12 hours ago
Tuesday, October 27, 2015
When my son communicates, will he share our secrets?
This guest post is by Jesse Torrey, mom to Anna, 15, and Jack, 17, who has a rare disease that's caused speech loss and other challenges. Jesse blogs at Smiles and Duct Tape, and recently finished a book by the same name. This summer, she read a post at a Listen to Your Mother performance. As she notes, Jack's condition "has managed to take a lot from our family, but Jack never has lost his sense of humor or his beautiful smile. That's the 'smile' in my blog title. The duct tape is all the other stuff we need to hold our family together—family, friends, doctors, teachers, community, adventures, wine, etc."
For years, I’ve dreamed of hearing my son, Jack, speak. I’ve pictured it clearly enough that I’ve felt the words as they hit my ears. I imagined him struggling at first, but quickly remembering how to maneuver his lips to make sounds that turn quickly into “love” and “Mommy”.
Eight years ago, it never occurred to me that Jack would find his words using something as silent as a whiteboard. He lost his ability to speak when a rare disease, adrenoleukodystrophy (ALD), created chaos in his nine-year-old brain. (ALD is the disease depicted in the movie Lorenzo's Oil). Since then, he’s been a silent witness, sitting on the sidelines, watching everyone around him and listening. He understands most everything that people say.
Lately, he’s started responding to questions by circling answers when provided with a few choices on the white shiny plastic. These “conversations” feel more like a game of 20 Questions than true communication, but we’re thrilled. It’s finally proven that he is able to read and capable of controlling a marker enough to make a simple circle around an appropriate answer—this is HUGE progress for our boy.
Of course, we’re all hoping this is the beginning of significant headway in the language department. That it might lead to writing on a whiteboard or finally using his iPad with some consistency. Or, maybe (fingers and toes crossed) something might trigger in that brain of his and he could start speaking. No one is happier than his mama. But, as we creep closer to language, I’m starting to worry. What on earth is Jack going to say?
Jack knows secrets about almost everyone who has stepped foot in our center-hall colonial. He’s been in the middle of parties full of his sister’s rowdy friends, and sat quietly in his back seat car throne, while his father and I sit in the front seat discussing private matters as we drive down the highway. And, on many occasions, Jack’s perched on his kitchen stool, surrounded by middle-aged women drinking coffee or Sauvignon Blanc, while loudly discussing their husbands, their children, their friends, their hair cuts and other tedious details of the lives of suburban housewives.

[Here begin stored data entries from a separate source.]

(* For all integers $n\ge0$, $pl_2(5n+3)\equiv0\pmod5$ and $pl_2(5n+4)\equiv0\pmod5$.
   Context: $pl_2(n)$ denotes the number of $2$-component plane partitions of $n$ (plane partitions of $n$ all of whose entries are $\le 2$), with $pl_2(0)=1$; equivalently $\sum_{n\ge0}pl_2(n)q^n=\frac{1}{1-q}\prod_{n=2}^{\infty}(1-q^n)^{-2}$. *)

From mathcomp Require Import all_boot.
Set Implicit Arguments. Unset Strict Implicit. Unset Printing Implicit Defensive.

Definition fps := nat -> nat.

Definition fps_mul (f g : fps) : fps :=
  fun n => \sum_(i < n.+1) f i * g (n - i).

(* 1/(1-q) = sum_{k>=0} q^k *)
Definition fps_geom : fps := fun _ => 1.

(* (1-q^m)^{-2} = sum_{j>=0} (j+1) q^{m j}, for m >= 1 *)
Definition fps_inv_sq (m : nat) : fps :=
  fun k => if m %| k then (k %/ m).+1 else 0.

Fixpoint pl2_partial (N : nat) : fps :=
  match N with
  | 0 => fps_geom
  | 1 => fps_geom
  | N'.+1 => fps_mul (pl2_partial N') (fps_inv_sq N'.+1)
  end.

(* pl_2(n) = coefficient of q^n in 1/(1-q) prod_{m>=2} (1-q^m)^{-2}.
   Factors with m > n are 1 + O(q^{m}) and do not affect the coefficient
   of q^n, so the coefficient of q^n of the infinite product equals that
   of the partial product up to m = n. *)
Definition pl2 (n : nat) : nat := pl2_partial n n.

(** Write [P(q) = prod_(m >= 1) (1 - q^m)], so that [sum_n pl2 n q^n = (1 - q) / P(q)^2]
    and hence [(sum_n pl2 n q^n) * P(q)^5 = (1 - q) * P(q)^3].  Modulo 5,
    [P(q)^5 = P(q^5)] is a series in [q^5] with constant term 1, while by Jacobi's identity
    [P(q)^3 = sum_k (-1)^k (2k+1) q^(k(k+1)/2)].  The exponent [k(k+1)/2] is [0], [1] or [3]
    modulo 5, and it is [3] only when [k = 2 mod 5], i.e. when [5 | 2k+1]; so modulo 5 the
    series [(1 - q) P(q)^3] has no terms [q^m] with [m = 3, 4 mod 5], and dividing by
    [P(q^5)] preserves this.
    Everything is done with polynomials over [F_5] compared below a degree bound.  Jacobi's
    identity is obtained from the q-binomial theorem for [prod_(i <= 2n) (q^n - z q^i)] by
    differentiating in [z] at [z = 1]; the factor [i = n] vanishes there. *)

From mathcomp Require Import all_boot all_algebra ring zify.
Set Implicit Arguments. Unset Strict Implicit. Unset Printing Implicit Defensive.
Import GRing.Theory.
Local Open Scope ring_scope.
(* Write a = sqrt nu.  Splitting the kernel at x gives
   Psi = mu/(2a) (S + T) with S(x) = int_{-oo}^x e^{-a(x-y)} u(y) dy ([conv_left])
   and T(x) = int_x^{+oo} e^{-a(y-x)} u(y) dy ([conv_right]); both are nonnegative,
   and S' = u - a S, T' = a T - u give Psi_x = mu/2 (T - S).
   For the constant K = r^*/(b - chi mu), Psi >= 0 and r <= r^* make the reaction
   term nonpositive.  For U = K e^{theta1 (x - x1)} and x < x1,
   A_u(U) = U (theta1^2 + c theta1 + r - chi mu/2 (theta1 (T - S) + a (S + T)) - (b - chi mu) U),
   where theta1^2 + c theta1 = -r1 <= -r, and u <= U on (-oo, x] gives
   (a + theta1) S <= U; so the bracket is at most (3/2 chi mu - b) U <= 0. *)

Lemma continuous_of_unif_cont (u : R -> R) : unif_cont u -> forall x, continuous u x.
Proof.
  intros Hu x. apply continuity_pt_filterlim. intros eps Heps.
  destruct (Hu eps Heps) as [delta [Hdelta Hclose]].
  exists delta. split; [exact Hdelta|]. intros y [_ Hy]. apply Hclose. exact Hy.
Qed.

Section ContinuousIntegrand.

Variable f : R -> R.
Hypothesis f_cont : forall x, continuous f x.

Lemma ex_RInt_cont (s t : R) : ex_RInt f s t.
Proof. apply (@ex_RInt_continuous R_CompleteNormedModule). intros; apply f_cont. Qed.

Lemma RInt_Chasles_cont (s t v : R) : RInt f s t + RInt f t v = RInt f s v.
Proof. apply (RInt_Chasles f); apply ex_RInt_cont. Qed.

Lemma RInt_swap_cont (s t : R) : RInt f t s = - RInt f s t.
Proof. rewrite <- (opp_RInt_swap f s t); [reflexivity|apply ex_RInt_cont]. Qed.

Lemma RInt_ge0_cont (s t : R) : (forall x, 0 <= f x) -> s <= t -> 0 <= RInt f s t.
Proof. intros Hf Hst. apply RInt_ge_0; auto. apply ex_RInt_cont. Qed.

Lemma RInt_comp_opp_cont (s t : R) : RInt (fun y => f (- y)) s t = RInt f (- t) (- s).
Proof.
  rewrite RInt_swap_cont. apply is_RInt_unique.
  apply (is_RInt_ext (fun y => opp (scal (-1) (f (- y))))).
  { intros y _. unfold opp, scal; simpl; unfold mult; simpl. ring. }
  apply (@is_RInt_opp R_NormedModule _ s t (RInt f (- s) (- t))).
  apply (@is_RInt_comp R_CompleteNormedModule f Ropp (fun _ => -1)).
  - intros; apply f_cont.
  - intros y _. split; [auto_derive; auto|apply continuous_const].
Qed.

Lemma is_derive_RInt_cont (s x : R) : is_derive (fun t => RInt f s t) x (f x).
Proof.
  apply (is_derive_RInt f _ s); [|apply f_cont].
  apply filter_forall. intros t. apply (@RInt_correct R_CompleteNormedModule), ex_RInt_cont.
Qed.

Lemma is_RInt_gen_at_point_lim {Fb : (R -> Prop) -> Prop} {FFb : Filter Fb} (a L : R) :
  filterlim (fun t => RInt f a t) Fb (locally L) ->
  is_RInt_gen f (at_point a) Fb L.
Proof.
  intros Hlim P HP.
  apply Filter_prod with (fun x => x = a) (fun t => P (RInt f a t)).
  - reflexivity.
  - exact (Hlim P HP).
  - intros x t -> Ht. exists (RInt f a t). split; [|exact Ht].
    apply (@RInt_correct R_CompleteNormedModule), ex_RInt_cont.
Qed.

Lemma is_RInt_gen_lim_at_point (b L : R) :
  is_lim (fun t => RInt f t b) m_infty L ->
  is_RInt_gen f (Rbar_locally m_infty) (at_point b) L.
Proof.
  intros Hlim. rewrite <- (Ropp_involutive L).
  apply (is_RInt_gen_swap f (- L)), is_RInt_gen_at_point_lim.
  change (is_lim (fun t => RInt f b t) m_infty (- L)).
  apply (is_lim_ext (fun t => - RInt f t b)); [intros t; symmetry; apply RInt_swap_cont|].
  exact (is_lim_opp _ _ _ Hlim).
Qed.

End ContinuousIntegrand.

Lemma RInt_le_exp (h : R -> R) (k s t0 t1 : R) :
  (forall x, continuous h x) -> s <> 0 -> t0 <= t1 ->
  (forall y, t0 <= y <= t1 -> h y <= k * exp (s * y)) ->
  RInt h t0 t1 <= k / s * (exp (s * t1) - exp (s * t0)).
Proof.
  intros Hc Hs Ht Hle.
  assert (Hexp : is_RInt (fun y => k * exp (s * y)) t0 t1
                        (k / s * (exp (s * t1) - exp (s * t0)))).
  { replace (k / s * (exp (s * t1) - exp (s * t0))) with
      (minus (k / s * exp (s * t1)) (k / s * exp (s * t0)))
      by (unfold minus, plus, opp; simpl; ring).
    apply (@is_RInt_derive R_CompleteNormedModule (fun y => k / s * exp (s * y))).
    - intros y _. auto_derive; auto. field. exact Hs.
    - intros y _. apply (@ex_derive_continuous R_AbsRing R_NormedModule). auto_derive. auto. }
  rewrite <- (is_RInt_unique _ _ _ _ Hexp).
  apply RInt_le; auto.
  - apply ex_RInt_cont, Hc.
  - eexists; exact Hexp.
  - intros y Hy. apply Hle. lra.
Qed.

Lemma is_lim_minfty_nonincreasing (F : R -> R) (c B : R) :
  (forall s t, s <= t -> F t <= F s) -> (forall t, t <= c -> F t <= B) ->
  exists L : R, is_lim F m_infty L.
Proof.
  intros Hmono Hbound.
  destruct (completeness (fun v => exists t, v = F t)) as [L [Hub Hlub]].
  - exists B. intros v [t ->].
    apply Rle_trans with (F (Rmin t c)); [apply Hmono, Rmin_l|apply Hbound, Rmin_r].
  - exists (F 0), 0. reflexivity.
  - exists L. apply is_lim_spec. intros eps.
    destruct (classic (exists t0, L - eps < F t0)) as [[t0 Ht0]|Hnone].
    + exists t0. intros t Ht.
      assert (F t <= L) by (apply Hub; exists t; reflexivity).
      assert (F t0 <= F t) by (apply Hmono; lra).
      apply Rabs_def1; lra.
    + exfalso.
      assert (L <= L - eps).
      { apply Hlub. intros v [t ->].
        apply Rnot_lt_le. intros Hlt. apply Hnone. exists t. exact Hlt. }
      pose proof (cond_pos eps). lra.
Qed.

Definition left_tail (f : R -> R) (x : R) : R :=
  RInt_gen f (Rbar_locally m_infty) (at_point x).

Definition right_tail (f : R -> R) (x : R) : R :=
  RInt_gen f (at_point x) (Rbar_locally p_infty).

Section LeftTail.

Variables (f : R -> R) (B : R).
Hypothesis f_cont : forall x, continuous f x.
Hypothesis f_ge0 : forall x, 0 <= f x.
Hypothesis f_left_bounded : forall t, t <= 0 -> RInt f t 0 <= B.

Lemma is_lim_RInt_left_tail (x : R) :
  is_lim (fun t => RInt f t x) m_infty (left_tail f x).
Proof.
  destruct (is_lim_minfty_nonincreasing (fun t => RInt f t 0) 0 B) as [L HL].
  - intros s t Hst. rewrite <- (RInt_Chasles_cont f f_cont s t 0).
    pose proof (RInt_ge0_cont f f_cont s t f_ge0 Hst). lra.
  - exact f_left_bounded.
  - assert (Hx : is_lim (fun t => RInt f t x) m_infty (L + RInt f 0 x)).
    { apply (is_lim_ext (fun t => RInt f t 0 + RInt f 0 x)).
      { intros t. apply RInt_Chasles_cont, f_cont. }
      apply is_lim_plus'; [exact HL|apply is_lim_const]. }
    unfold left_tail.
    rewrite (is_RInt_gen_unique f _ (is_RInt_gen_lim_at_point f f_cont x _ Hx)).
    exact Hx.
Qed.

Lemma is_RInt_gen_left_tail (x : R) :
  is_RInt_gen f (Rbar_locally m_infty) (at_point x) (left_tail f x).
Proof. apply is_RInt_gen_lim_at_point, is_lim_RInt_left_tail; exact f_cont. Qed.

Lemma left_tail_Chasles (x : R) : left_tail f x = left_tail f 0 + RInt f 0 x.
Proof.
  apply is_RInt_gen_unique, (is_RInt_gen_Chasles f 0); [apply is_RInt_gen_left_tail|].
  apply is_RInt_gen_at_point, (@RInt_correct R_CompleteNormedModule), ex_RInt_cont, f_cont.
Qed.
Lemma face_signU1 F w H : w \notin F -> w \notin H ->
  face_sign F (w |: H) = (-1) ^+ #|F| * (\prod_(f in F) pair_sign f w) * face_sign F H.
Proof.
move=> wF wH; rewrite /face_sign (eq_bigr (fun f => pair_sign w f * bsign K f H)); last first.
  by move=> f _; rewrite bsignU1.
rewrite big_split /= -prodrN; congr (_ * _); apply: eq_bigr => f fF.
by rewrite pair_signC //; apply: contraNneq wF => ->.
Qed.

Lemma disjointU1l w H F : [disjoint w |: H & F] = (w \notin F) && [disjoint H & F].
Proof. by rewrite -disjointU1; apply: eq_disjoint => x; rewrite !inE. Qed.

Lemma setUDKl F H : [disjoint H & F] -> (F :|: H) :\: F = H.
Proof. by move=> dHF; rewrite setDUl setDv set0U; apply/setDidPl. Qed.

Lemma setUDK F G : F \subset G -> F :|: (G :\: F) = G.
Proof. by move=> FG; rewrite setDE setUIr setUCr setIT; apply/setUidPr. Qed.

Lemma disjoint_setD F G : [disjoint G :\: F & F].
Proof. by rewrite -setI_eq0 setDE -setIA [~: F :&: F]setIC setICr setI0. Qed.

Definition lk_chain F x H : K :=
  if [disjoint H & F] then face_sign F H * x (F :|: H) else 0.

Definition join_chain F y G : K :=
  if F \subset G then face_sign F (G :\: F) * y (G :\: F) else 0.

Lemma bd_eq x y H : (forall G, x G = y G) -> bd x H = bd y H.
Proof. by move=> e; apply: eq_bigr => v _; rewrite e. Qed.

Lemma bd_eq0 x H : (forall G, x G = 0) -> bd x H = 0.
Proof. by move=> x0; rewrite /bd big1 // => v _; rewrite x0 mulr0. Qed.

Lemma bdB x y H : bd (fun G => x G - y G) H = bd x H - bd y H.
Proof.
by rewrite /bd -sumrB; apply: eq_bigr => v _; rewrite mulrBr.
Qed.

Lemma bd_scale a x H : bd (fun G => a * x G) H = a * bd x H.
Proof. by rewrite /bd mulr_sumr; apply: eq_bigr => v _; rewrite mulrCA. Qed.

Lemma bd_sum (I : finType) (P : pred I) (f : I -> {set V} -> K) H :
  bd (fun G => \sum_(i | P i) f i G) H = \sum_(i | P i) bd (f i) H.
Proof.
rewrite /bd exchange_big; apply: eq_bigr => v _; rewrite mulr_sumr.
by apply: eq_bigr.
Qed.

Lemma sum_antisym (f : V -> V -> K) : (forall u, f u u = 0) ->
  (forall u v, f u v = - f v u) -> \sum_u \sum_v f u v = 0.
Proof.
move=> f0 fC; pose lt (u v : V) := (enum_rank u < enum_rank v)%N.
have split_lt u : \sum_v f u v =
    \sum_v (if lt u v then f u v else 0) + \sum_v (if lt v u then f u v else 0).
  rewrite -big_split /=; apply: eq_bigr => v _; rewrite /lt.
  case: ltngtP => h; rewrite ?addr0 ?add0r //.
  by rewrite (enum_rank_nat_inj h) f0.
rewrite (eq_bigr _ (fun u _ => split_lt u)) big_split /= [X in _ + X]exchange_big /=.
rewrite -big_split big1 // => u _; rewrite -big_split big1 // => v _ /=.
by case: ifP; rewrite ?addr0 // (fC v u) addrN.
Qed.
Lemma connecting_preim_boundaries j z : z \in cycles K X j.+1 ->
  connecting_map z \in boundaries K Y j -> z \in boundaries K X j.+1.
Proof.
move=> /cyclesP [zX z_cycle]; rewrite connecting_mapE => /memv_imgP [w wY bdry_w].
set z1 := restr X1 z; set z2 := z - z1.
have z1X1 : z1 \in chains X1 j.+1 := restr_union_chainsl zX.
have z2X2 : z2 \in chains X2 j.+1 := restr_union_chainsr zX.
have wX1 : w \in chains X1 j.+1 by apply: chains_subset (subsetIl _ _) wY.
have wX2 : w \in chains X2 j.+1 by apply: chains_subset (subsetIr _ _) wY.
have z1w_cycle : bdry (z1 - w) = 0 by rewrite linearB /= bdry_w subrr.
have z2w_cycle : bdry (z2 + w) = 0.
  by rewrite linearD /= linearB /= z_cycle -bdry_w sub0r addNr.
have -> : z = bdry (cone_op a (z1 - w) + cone_op b (z2 + w)).
  by rewrite linearD /= !bdry_cone_op // /z2 addrACA addNr addr0 addrC subrK.
apply/memv_img/memvD.
  exact: chains_subset (subsetUl _ _) (cone_op_chains X1_apex (memvB z1X1 wX1)).
exact: chains_subset (subsetUr _ _) (cone_op_chains X2_apex (memvD z2X2 wX2)).
Qed.

Lemma preim_connecting_boundaries j :
  (cycles K X j.+1 :&: connecting_map @^-1: boundaries K Y j)%VS = boundaries K X j.+1.
Proof.
apply/vspaceP => x; rewrite memv_cap -memv_preim.
apply/andP/idP => [[]|xB]; first exact: connecting_preim_boundaries.
split; last exact: connecting_boundaries.
exact: subvP (boundaries_subv_cycles _ (simplicial_complexU X1_sc X2_sc)) x xB.
Qed.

I’m not sure why we all feel so free to talk in front of our handsome teenage boy. Perhaps it’s not just his silence, but his ability to disappear into the landscape. He’ll sit with his eyes glued on the television with only a brief giggle indicating he’s heard an inappropriate phrase come out of an unsuspecting mouth. For eight years, he has been silently collecting an arsenal of stories.
What if our dream of words comes true and stories start pouring from his lips? Will he feel the need to share all of our secrets or can we trust him? I wonder how much I’d need to pay him to keep his beautiful mouth closed?
This morning, as we sat on the front steps waiting for his school bus, I asked him, “JackO, will you ever share my secrets?”
I used our black marker to write YES, NO and MAYBE. He looked down at the words and then up at me. Then, he giggled as he circled all three.